Fleet operators need to focus on driver behaviour if they want to improve mpg rather than relying on car manufacturers, according to Nigel Underdown, head of transport advice at the Energy Saving Trust.
He pointed out that over the past two and a half years average new car CO2 emissions have dropped from around 153g/km to 134g/km which means that fleet operators have had an “immediate win” without having to do anything radical.
But he suggested that fleets have had the “low hanging fruit” and they can no longer rely solely on manufacturers to do the work for them.
“One manufacturer has gone public and said ‘we’re getting to diminishing returns’,” Underdown said. “It’s going to get more difficult if you focus on the metal to get improvements in fuel economy.

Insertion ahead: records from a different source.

Lemma sum_injective_hit p c :
  \sum_(k : {ffun 'I_p.+1 -> 'I_N} | injectiveb k && [exists j, k j == c]) colmono k
  = p.+1%:R * chrom_last clique_nat p c.
Proof.
rewrite mulr_natl -[p.+1 in RHS]card_ord -sumr_const.
under [RHS]eq_bigr => j _ do rewrite -(sum_injective_at j) big_mkcondr.
rewrite exchange_big /= big_mkcondr; apply: eq_bigr => k /injectiveP k_inj.
case: existsP => [[j /eqP kj]|no_j].
- rewrite (bigD1 j) /= ?kj ?eqxx // big1 ?addr0 // => i ij.
  by case: eqP => // ki; case/eqP: ij; apply: k_inj; rewrite ki kj.
- by rewrite big1 // => i _; case: eqP => // ki; case: no_j; exists i; apply/eqP.
Qed.

Lemma chrom_last_clique p c :
  chrom_last clique_nat p.+1 c
  = p.+1%:R * pendant (chrom_last clique_nat p) c
    - (p * p.+1`!)%:R * mesym N R p.+1 * 'X_c.
Proof.
have clique_sym : ssrbool.symmetric clique_nat by move=> u v; rewrite /clique_nat eq_sym.
have clique_irr : irreflexive clique_nat by move=> u; rewrite /clique_nat eqxx.
have sum_all : \sum_d chrom_last clique_nat p d = p.+1`!%:R * mesym N R p.+1.
  by rewrite -chromN_sum_last chromN_clique.
have proper_avoid (k : {ffun 'I_p.+1 -> 'I_N}) :
    proper_col (restr_rel p.+1 clique_nat) k
      && [forall j : 'I_p.+1, clique_nat j p.+1 ==> (k j != c)]
    = injectiveb k && ~~ [exists j, k j == c].
  rewrite proper_clique negb_exists; congr andb; apply: eq_forallb => j.
  by rewrite /clique_nat neq_ltn ltn_ord.
have sum_avoid :
    \sum_(k : {ffun 'I_p.+1 -> 'I_N} | injectiveb k && ~~ [exists j, k j == c]) colmono k
    = p.+1`!%:R * mesym N R p.+1 - p.+1%:R * chrom_last clique_nat p c.
  rewrite -sum_injective_colmono -sum_injective_hit.
  rewrite [in RHS](bigID (fun k : {ffun 'I_p.+1 -> 'I_N} => [exists j, k j == c])).
  by rewrite addrAC subrr add0r.
have pendant_c : pendant (chrom_last clique_nat p) c
    = 'X_c * (p.+1`!%:R * mesym N R p.+1 - chrom_last clique_nat p c).
  by rewrite /pendant -sum_all [in RHS](bigD1 c) //= [chrom_last _ _ c + _]addrC addrK.
rewrite chrom_last_avoid //; under eq_bigl do rewrite proper_avoid.
rewrite sum_avoid pendant_c natrM; ring.
Qed.

Definition path_nat : rel nat := fun u v => (u.+1 == v) || (v.+1 == u).

Definition lollipop_nat s : rel nat := fun u v =>
  ((u < s) && (v < s) && (u != v))%N || (((u.+1 == v) || (v.+1 == u)) && (s <= maxn u v))%N.

Lemma path_nat_sym : ssrbool.symmetric path_nat.
Proof. by move=> u v; rewrite /path_nat orbC. Qed.

Lemma path_nat_irr : irreflexive path_nat.
Proof. by move=> u; apply/negP; rewrite /path_nat; lia. Qed.

Lemma chromN_path t : chromN R N (path_rel t.+1) = \sum_c chrom_last path_nat t c.
Proof. exact: chromN_sum_last. Qed.

Lemma chromN_lollipop s t :
  chromN R N (lollipop_rel s.+1 t) = \sum_c chrom_last (lollipop_nat s.+1) (s + t) c.
Proof. exact: chromN_sum_last. Qed.

Lemma chrom_last_path_succ t c :
  chrom_last path_nat t.+1 c = pendant (chrom_last path_nat t) c.
Proof.
apply: chrom_last_pendant => [||[j /= ?]]; [exact: path_nat_sym | exact: path_nat_irr|].
by rewrite /path_nat; apply/idP/idP; lia.
Qed.

Lemma chrom_last_lollipop_succ s t c :
  chrom_last (lollipop_nat s.+1) (s + t.+1) c
  = pendant (chrom_last (lollipop_nat s.+1) (s + t)) c.
Proof.
rewrite addnS; apply: chrom_last_pendant => [u v|u|[j /= ?]]; rewrite /lollipop_nat.
- by apply/idP/idP; lia.
- by apply/negP; lia.
- by apply/idP/idP; lia.
Qed.

Lemma chrom_last_lollipop_clique s :
  chrom_last (lollipop_nat s.+1) s =1 chrom_last clique_nat s.
Proof.
apply: eq_chrom_last => -[u /= ?] [v /= ?].
by rewrite /lollipop_nat /clique_nat; apply/idP/idP; lia.
Qed.

Lemma chrom_last_lollipop_rec p t c :
  chrom_last (lollipop_nat p.+2) (p.+1 + t) c
  = p.+1%:R * chrom_last (lollipop_nat p.+1) (p + t.+1) c
    - (p * p.+1`!)%:R * mesym N R p.+1 * chrom_last path_nat t c.
Proof.
elim: t c => [|t IH] c.
  rewrite !addn0 chrom_last_lollipop_clique chrom_last_clique.
  rewrite chrom_last0; [|exact: path_nat_sym|exact: path_nat_irr].
  rewrite (chrom_last_lollipop_succ p 0) addn0.
  by rewrite (eq_pendant (@chrom_last_lollipop_clique p)).
rewrite chrom_last_lollipop_succ (eq_pendant IH) pendant_lincomb.
by rewrite -chrom_last_lollipop_succ -chrom_last_path_succ.
Qed.

Lemma chromN_lollipop_rec p t :
  chromN R N (lollipop_rel p.+2 t)
  = p.+1%:R * chromN R N (lollipop_rel p.+1 t.+1)
    - (p * p.+1`!)%:R * mesym N R p.+1 * chromN R N (path_rel t.+1).
Proof.
rewrite !chromN_lollipop chromN_path.
rewrite (eq_bigr _ (fun c _ => chrom_last_lollipop_rec p t c)).
by rewrite sumrB -!mulr_sumr.
Qed.

Lemma chromN_lollipop_path t : chromN R N (lollipop_rel 1 t) = chromN R N (path_rel t.+1).
Proof.
apply: eq_chromN => -[u ?] [v ?].
by rewrite /lollipop_rel /path_rel -val_eqE /=; apply/idP/idP; lia.
Qed.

If you’re under pressure to produce cost savings you’ve got to look at the driver.”
Underdown pointed to research carried out by TNO in Holland which shows that real world mpg figures are far below official figures.
Based on a sample of 240,000 vehicles it shows that cars emitting 160g/km, with an official combined mpg figure of 45, actually achieve 35mpg (18% less), cars emitting 130g/km achieve 22% less and 100g/km cars achieve 29% less.
“I’m not suggesting that you stop buying low CO2 cars,” Underdown added. “There are lots of good reasons to buy them, such as lower tax and national insurance, and they are still more efficient. They are just not quite as efficient, probably, for your average fleet driver as you might expect.”
Underdown said that getting drivers to “drive better” needs “leadership from the top” and that the fleet manager’s role is to present the business case for change.